» **Aim of the task**
Lines from the line with "move=> hx; split=>" to the line with "move=> hPQ; elim: s1" in the entries below, and only those, must be output exactly, with both ends included.

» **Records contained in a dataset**
+++

(* Let $A$ be a profile and $k$ a committee size such that $|A_i|\le 2$ for all $i\in N_A$ and $|N_A(c)|=|N_A(d)|\le n/k$ for all $c,d\in C$. Then the method of equal shares (with Phase 2 as described) and sequential Phragmén select exactly the same sets of valid candidate sequences on $(A,k)$; in particular they return the same set of winning committees.
   Context: Candidates form a finite set $C$, $|C|=m>1$. An approval profile $A$ has a nonempty finite voter set $N_A$, each $i\in N_A$ having a nonempty ballot $A_i\subseteq C$; $N_A(c)=\{i\in N_A:c\in A_i\}$, $n=|N_A|$. Both rules add candidates one at a time and return all committees obtainable under some tie-breaking. Sequential Phragmén: every voter's budget starts at 0 and increases continuously at unit rate; as soon as the supporters $N_A(c)$ of some unchosen candidate $c$ have total budget 1, such a $c$ (any, in case of ties) is bought and its supporters' budgets are reset to 0; continue until $k$ candidates are bought. Method of equal shares: each voter starts with budget $x_0(i)=k/n$; every candidate costs 1. Phase 1: with budgets $x_r$ after buying $r$ candidates, let $C_r$ be the unchosen candidates $c$ with $\sum_{i\in N_A(c)}x_r(i)\ge1$; if $C_r\neq\emptyset$, buy any $c\in C_r$ minimizing $\rho(c)$, where $\sum_{i\in N_A(c)}\min(\rho(c),x_r(i))=1$, and set $x_{r+1}(i)=x_r(i)-\min(\rho(c),x_r(i))$ for $i\in N_A(c)$, $x_{r+1}(i)=x_r(i)$ otherwise; stop when $C_r=\emptyset$. Phase 2 (if fewer than $k$ bought): run the sequential Phragmén process above, but with voters starting from their remaining Phase 1 budgets instead of 0. *)

From HB Require Import structures.
From mathcomp Require Import all_boot all_order all_algebra.
From mathcomp Require Import reals.
Set Implicit Arguments. Unset Strict Implicit. Unset Printing Implicit Defensive.
Import Order.TTheory GRing.Theory Num.Theory.
Local Open Scope ring_scope.

Section Rules.
Variables (R : realType) (C V : finType) (A : V -> {set C}) (k : nat).

Definition supp (c : C) : {set V} := [set i | c \in A i].

Definition suppsum (b : V -> R) (c : C) : R := \sum_(i in supp c) b i.

(* One purchase of candidate c at (relative) time t from budgets b, when the
   candidates in W are already bought: the supporters of c reach total budget
   exactly 1 at time t, and no unchosen candidate reached total budget 1 at an
   earlier time t' in [0, t).  Ties (several candidates reaching 1 at time t)
   are resolved arbitrarily. *)
Definition phr_step (b : V -> R) (W : seq C) (c : C) (t : R) : Prop :=
  [/\ c \notin W, 0 <= t,
      \sum_(i in supp c) (b i + t) = 1 &
      forall d, d \notin W -> forall t', 0 <= t' -> t' < t ->
        \sum_(i in supp d) (b i + t') < 1].

Definition phr_update (b : V -> R) (c : C) (t : R) : V -> R :=
  fun i => if c \in A i then 0 else b i + t.

Fixpoint phr_from (b : V -> R) (W : seq C) (s : seq C) : Prop :=
  match s with
  | [::] => True
  | c :: s' => exists t, phr_step b W c t /\
                        phr_from (phr_update b c t) (c :: W) s'
  end.

Definition phragmen_seq (s : seq C) : Prop :=
  size s = k /\ phr_from (fun _ => 0) [::] s.

Definition mes_x0 : V -> R := fun _ => k%:R / #|V|%:R.

Definition is_rho (x : V -> R) (c : C) (rho : R) : Prop :=
  \sum_(i in supp c) Num.min rho (x i) = 1 /\
  forall r, \sum_(i in supp c) Num.min r (x i) = 1 -> rho <= r.

Definition affordable (x : V -> R) (W : seq C) (c : C) : Prop :=
  c \notin W /\ 1 <= suppsum x c.

Definition mes_step (x : V -> R) (W : seq C) (c : C) (rho : R) : Prop :=
  [/\ affordable x W c, is_rho x c rho &
      forall d rd, affordable x W d -> is_rho x d rd -> rho <= rd].

Definition mes_update (x : V -> R) (c : C) (rho : R) : V -> R :=
  fun i => if c \in A i then x i - Num.min rho (x i) else x i.

Fixpoint mes1_from (x : V -> R) (W : seq C) (s : seq C)
    (P : (V -> R) -> seq C -> Prop) : Prop :=
  match s with
  | [::] => P x W
  | c :: s' => exists rho, mes_step x W c rho /\
                          mes1_from (mes_update x c rho) (c :: W) s' P
  end.

Definition mes_seq (s : seq C) : Prop :=
  size s = k /\
  exists s1 s2, s = s1 ++ s2 /\
    mes1_from mes_x0 [::] s1
      (fun x W => size s1 = k \/
         ((forall d, ~ affordable x W d) /\ phr_from x W s2)).

End Rules.

(* When every candidate has exactly q supporters, no voter ever holds more
   than 1/q: this holds initially since k/n <= 1/q, and both rules only reset
   budgets to 0 or advance them while nobody can afford a candidate.  With
   budgets capped at 1/q, a candidate is affordable exactly when all its
   supporters hold 1/q, and then its price per voter is 1/q.  So a Phase 1
   purchase of equal shares is a Phragmen purchase at time 0, and conversely
   Phragmen buys at time 0 while some candidate is affordable.  Once nobody
   can afford a candidate both rules continue with Phragmen.  Finally,
   Phragmen from constant budgets is a time shift of Phragmen from 0. *)
From HB Require Import structures.
From mathcomp Require Import all_boot all_order all_algebra.
From mathcomp Require Import reals.
From mathcomp Require Import boolp.
Import Order.TTheory GRing.Theory Num.Theory.
Local Open Scope ring_scope.
Set Implicit Arguments. Unset Strict Implicit.

Section EqualSupport.
Variables (R : realType) (C V : finType) (A : V -> {set C}) (q : nat).
Hypothesis card_supp : forall d, #|supp A d| = q.
Hypothesis q_gt0 : (0 < q)%N.

Let share : R := q%:R^-1.

Lemma share_ge0 : 0 <= share.
Proof. by rewrite invr_ge0 ler0n. Qed.

Lemma mul_share : q%:R * share = 1.
Proof. by rewrite mulfV // pnatr_eq0 -lt0n. Qed.

Lemma mulq_eq1 (r : R) : q%:R * r = 1 <-> r = share.
Proof.
split=> [h|->]; last exact: mul_share.
have q_neq0 : q%:R != 0 :> R by rewrite pnatr_eq0 -lt0n.
by apply: (mulfI q_neq0); rewrite h mul_share.
Qed.

Lemma sum_supp_cst d (r : R) : \sum_(i in supp A d) r = q%:R * r.
Proof. by rewrite sumr_const card_supp mulr_natl. Qed.

Definition capped (x : V -> R) := forall i, x i <= share.

Definition full (x : V -> R) d := forall i, i \in supp A d -> x i = share.

Lemma capped_phr_update0 (x : V -> R) c :
  capped x -> capped (phr_update A x c 0).
Proof.
by move=> hx i; rewrite /phr_update; case: ifP; rewrite ?share_ge0 ?addr0.
Qed.

Lemma suppsum_full (x : V -> R) d : full x d -> suppsum A x d = 1.
Proof.
by move=> hd; rewrite /suppsum (eq_bigr _ hd) sum_supp_cst mul_share.
Qed.

Lemma capped_suppsum_ge1 (x : V -> R) d :
  capped x -> 1 <= suppsum A x d -> full x d.
Proof.
move=> hx hd.
have gap0 : \sum_(i in supp A d) (share - x i) = 0.
  apply/eqP; rewrite eq_le sumr_ge0 ?andbT => [|i _]; last by rewrite subr_ge0.
  by rewrite sumrB sum_supp_cst mul_share subr_le0.
move=> i hi; apply/eqP; rewrite eq_sym -subr_eq0; apply/eqP.
by apply: (psumr_eq0P _ gap0) => // j _; rewrite subr_ge0.
Qed.

Lemma affordable_full (x : V -> R) W c :
  capped x -> affordable A x W c -> full x c.
Proof. by move=> hx [_ /(capped_suppsum_ge1 hx)]. Qed.

Lemma is_rho_fullE x d rho : full x d -> is_rho A x d rho <-> rho = share.
Proof.
move=> hd.
have min_sum r : \sum_(i in supp A d) Num.min r (x i) = q%:R * Num.min r share.
  by rewrite -(sum_supp_cst d); apply: eq_bigr => i hi; rewrite hd.
have solves r : \sum_(i in supp A d) Num.min r (x i) = 1 -> share <= r.
  by rewrite min_sum => /mulq_eq1 <-; rewrite ge_min lexx.
have share_solves : \sum_(i in supp A d) Num.min share (x i) = 1.
  by rewrite min_sum minxx mul_share.
split=> [[/solves h1 /(_ _ share_solves) h2]|->]; last by split=> // r /solves.
by apply/eqP; rewrite eq_le h1 h2.
Qed.

Lemma mes_stepE x W c rho : capped x ->
  mes_step A x W c rho <-> affordable A x W c /\ rho = share.
Proof.
move=> hx; split=> [[hc /(is_rho_fullE _ (affordable_full hx hc))] //|].
case=> hc ->; split=> //; first exact/(is_rho_fullE _ (affordable_full hx hc)).
by move=> d rd /(affordable_full hx) hd /(is_rho_fullE _ hd) ->.
Qed.

Lemma mes_update_full (x : V -> R) c :
  full x c -> mes_update A x c share = phr_update A x c 0.
Proof.
move=> hc; apply: funext => i; rewrite /mes_update /phr_update.
by case: ifP => hi; rewrite ?addr0 // hc ?minxx ?subrr // inE.
Qed.

Lemma sum_supp_add0 (x : V -> R) d :
  \sum_(i in supp A d) (x i + 0) = suppsum A x d.
Proof. by apply: eq_bigr => i _; rewrite addr0. Qed.

Lemma phr_step_affordableE x W c t :
  capped x -> (exists d, affordable A x W d) ->
  phr_step A x W c t <-> affordable A x W c /\ t = 0.
Proof.
move=> hx [d [hdW hd]]; split.
  case=> hcW t_ge0 hsum t_min.
  have t0 : t = 0.
    apply/eqP; rewrite eq_le t_ge0 andbT leNgt; apply/negP.
    by move=> /(t_min d hdW 0 (lexx _)); rewrite sum_supp_add0 ltNge hd.
  move: hsum; rewrite t0 sum_supp_add0 => hsum.
  by do 2 split=> //; rewrite hsum.
case=> hc ->; split; [by case: hc | exact: lexx | |].
- by rewrite sum_supp_add0 (suppsum_full (affordable_full hx hc)).
- by move=> e _ t' t'_ge0 /(le_lt_trans t'_ge0); rewrite ltxx.
Qed.

Lemma affordable_dec (x : V -> R) W :
  (exists d, affordable A x W d) \/ forall d, ~ affordable A x W d.
Proof.
case: (boolP [exists d, (d \notin W) && (1 <= suppsum A x d)]).
  by case/existsP=> d /andP hd; left; exists d.
rewrite negb_exists => /forallP hn; right=> d [hdW hd].
by move: (hn d); rewrite hdW hd.
Qed.

(* Phase 2 of equal shares, run on the state reached after Phase 1;
   [s2 = [::]] covers a Phase 1 that stopped because the committee is full. *)
Definition phase2 (s2 : seq C) (x : V -> R) (W : seq C) : Prop :=
  s2 = [::] \/ ((forall d, ~ affordable A x W d) /\ phr_from A x W s2).

Lemma mes1_from_mono (x : V -> R) W s1 (P Q : (V -> R) -> seq C -> Prop) :
  (forall x W, P x W -> Q x W) -> mes1_from A x W s1 P -> mes1_from A x W s1 Q.
Proof.
move=> hPQ; elim: s1 x W => [|c s1 IH] x W /=; first exact: hPQ.
by case=> rho [hstep hrest]; exists rho; split=> //; apply: IH.
Qed.

Lemma phr_from_capped (x : V -> R) W s : capped x ->
  phr_from A x W s <->
  exists s1 s2, s = s1 ++ s2 /\ mes1_from A x W s1 (phase2 s2).
Proof.
move=> hx; split.
  elim: s x W hx => [|c s IH] x W hx /=.
    by exists [::], [::]; split=> //; left.
  case=> t [hstep hrest].
  case: (affordable_dec x W) => [haff|hnone]; last first.
    by exists [::], (c :: s); split=> //; right; split=> //; exists t.
  have [hc t0] := (phr_step_affordableE _ _ hx haff).1 hstep.
  rewrite t0 in hrest.
  have [s1 [s2 [-> hm]]] := IH _ _ (capped_phr_update0 c hx) hrest.
  exists (c :: s1), s2; split=> //; exists share; split; first exact/mes_stepE.
  by rewrite (mes_update_full (affordable_full hx hc)).
case=> s1 [s2 [-> hm]].
elim: s1 x W hx hm => [|c s1 IH] x W hx /=; first by case=> [->|[]].
case=> rho [/(mes_stepE _ _ _ hx) [hc ->]].
rewrite (mes_update_full (affordable_full hx hc)) => hrest.
exists 0; split; first by apply/phr_step_affordableE => //; exists c.
exact: IH (capped_phr_update0 c hx) hrest.
Qed.

Lemma phr_step_cstE (delta : R) c t : delta <= share ->
  phr_step A (fun _ => delta) [::] c t <-> t = share - delta.
Proof.
move=> hdelta; rewrite /phr_step sum_supp_cst.
have reach1 : (q%:R * (delta + t) = 1) <-> t = share - delta.
  by rewrite mulq_eq1; split=> [<-|->]; rewrite addrC ?addKr ?subrK.
split=> [[_ _ /reach1] //|ht]; have hsum := proj2 reach1 ht.
split=> //; first by rewrite ht subr_ge0.
move=> d _ t' _ t'_lt.
by rewrite sum_supp_cst -[X in _ < X]hsum ltr_pM2l ?ltr0n // ltrD2l.
Qed.

Lemma phr_from_cst (delta : R) s : delta <= share ->
  phr_from A (fun _ => delta) [::] s <-> phr_from A (fun _ => 0 : R) [::] s.
Proof.
move=> hdelta; case: s => [|c s] //=.
have same_update : phr_update A (fun _ => delta) c (share - delta) =
                   phr_update A (fun _ => 0 : R) c share.
  by apply: funext => i; rewrite /phr_update add0r addrC subrK.
split=> [[t [/(phr_step_cstE _ _ hdelta) -> hrest]]|[t [hstep hrest]]].
  exists share; split; last by rewrite -same_update.
  by apply/phr_step_cstE; rewrite ?share_ge0 ?subr0.
move/(phr_step_cstE _ _ share_ge0): hstep; rewrite subr0 => ht.
exists (share - delta); split; first exact/phr_step_cstE.
by rewrite same_update -ht.
Qed.

End EqualSupport.

Theorem mainTheorem6 (R : realType) (C V : finType) (A : V -> {set C}) (k : nat) :
  (1 < #|C|)%N ->
  (0 < #|V|)%N ->
  (forall i : V, A i != set0) ->
  (forall i : V, #|A i| <= 2)%N ->
  (forall c d : C, #|supp A c| = #|supp A d|) ->
  (forall c : C, #|supp A c| * k <= #|V|)%N ->
  (forall s : seq C, mes_seq R A k s <-> phragmen_seq R A k s) /\
  (forall S : {set C},
     (exists2 s, mes_seq R A k s & S = [set x in s]) <->
     (exists2 s, phragmen_seq R A k s & S = [set x in s])).
Proof.
move=> /ltnW/card_gt0P [c0 _] V_gt0 A_nonempty _ eq_supp supp_k.
set q := #|supp A c0|.
have card_supp d : #|supp A d| = q by exact: eq_supp.
have q_gt0 : (0 < q)%N.
  case/card_gt0P: V_gt0 => i _; case/set0Pn: (A_nonempty i) => c hc.
  by rewrite -(card_supp c); apply/card_gt0P; exists i; rewrite inE.
have x0_capped : k%:R / #|V|%:R <= q%:R^-1 :> R.
  rewrite ler_pdivrMr ?ltr0n // mulrC ler_pdivlMr ?ltr0n //.
  by rewrite -natrM ler_nat mulnC supp_k.
have same_seq s : mes_seq R A k s <-> phragmen_seq R A k s.
  rewrite /mes_seq /phragmen_seq -(phr_from_cst card_supp q_gt0 _ x0_capped).
  rewrite (phr_from_capped card_supp q_gt0 _ _ (fun=> x0_capped)).
  split=> -[size_s [s1 [s2 [e hm]]]]; split=> //; exists s1, s2; split=> //;
    apply: mes1_from_mono hm => x W [stop|]; try by right.
  - left; apply/size0nil/(@addnI (size s1)).
    by rewrite -size_cat -e size_s stop addn0.
  - by left; rewrite -size_s e stop cats0.
by split=> // S; split=> -[s /same_seq]; exists s.
Qed.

+++

» **Solution for this exercise**
move=> hx; split=> [[hc /(is_rho_fullE _ (affordable_full hx hc))] //|].
case=> hc ->; split=> //; first exact/(is_rho_fullE _ (affordable_full hx hc)).
by move=> d rd /(affordable_full hx) hd /(is_rho_fullE _ hd) ->.
Qed.

Lemma mes_update_full (x : V -> R) c :
  full x c -> mes_update A x c share = phr_update A x c 0.
Proof.
move=> hc; apply: funext => i; rewrite /mes_update /phr_update.
by case: ifP => hi; rewrite ?addr0 // hc ?minxx ?subrr // inE.
Qed.

Lemma sum_supp_add0 (x : V -> R) d :
  \sum_(i in supp A d) (x i + 0) = suppsum A x d.
Proof. by apply: eq_bigr => i _; rewrite addr0. Qed.

Lemma phr_step_affordableE x W c t :
  capped x -> (exists d, affordable A x W d) ->
  phr_step A x W c t <-> affordable A x W c /\ t = 0.
Proof.
move=> hx [d [hdW hd]]; split.
  case=> hcW t_ge0 hsum t_min.
  have t0 : t = 0.
    apply/eqP; rewrite eq_le t_ge0 andbT leNgt; apply/negP.
    by move=> /(t_min d hdW 0 (lexx _)); rewrite sum_supp_add0 ltNge hd.
  move: hsum; rewrite t0 sum_supp_add0 => hsum.
  by do 2 split=> //; rewrite hsum.
case=> hc ->; split; [by case: hc | exact: lexx | |].
- by rewrite sum_supp_add0 (suppsum_full (affordable_full hx hc)).
- by move=> e _ t' t'_ge0 /(le_lt_trans t'_ge0); rewrite ltxx.
Qed.

Lemma affordable_dec (x : V -> R) W :
  (exists d, affordable A x W d) \/ forall d, ~ affordable A x W d.
Proof.
case: (boolP [exists d, (d \notin W) && (1 <= suppsum A x d)]).
  by case/existsP=> d /andP hd; left; exists d.
rewrite negb_exists => /forallP hn; right=> d [hdW hd].
by move: (hn d); rewrite hdW hd.
Qed.

(* Phase 2 of equal shares, run on the state reached after Phase 1;
   [s2 = [::]] covers a Phase 1 that stopped because the committee is full. *)
Definition phase2 (s2 : seq C) (x : V -> R) (W : seq C) : Prop :=
  s2 = [::] \/ ((forall d, ~ affordable A x W d) /\ phr_from A x W s2).

Lemma mes1_from_mono (x : V -> R) W s1 (P Q : (V -> R) -> seq C -> Prop) :
  (forall x W, P x W -> Q x W) -> mes1_from A x W s1 P -> mes1_from A x W s1 Q.
Proof.
move=> hPQ; elim: s1 x W => [|c s1 IH] x W /=; first exact: hPQ.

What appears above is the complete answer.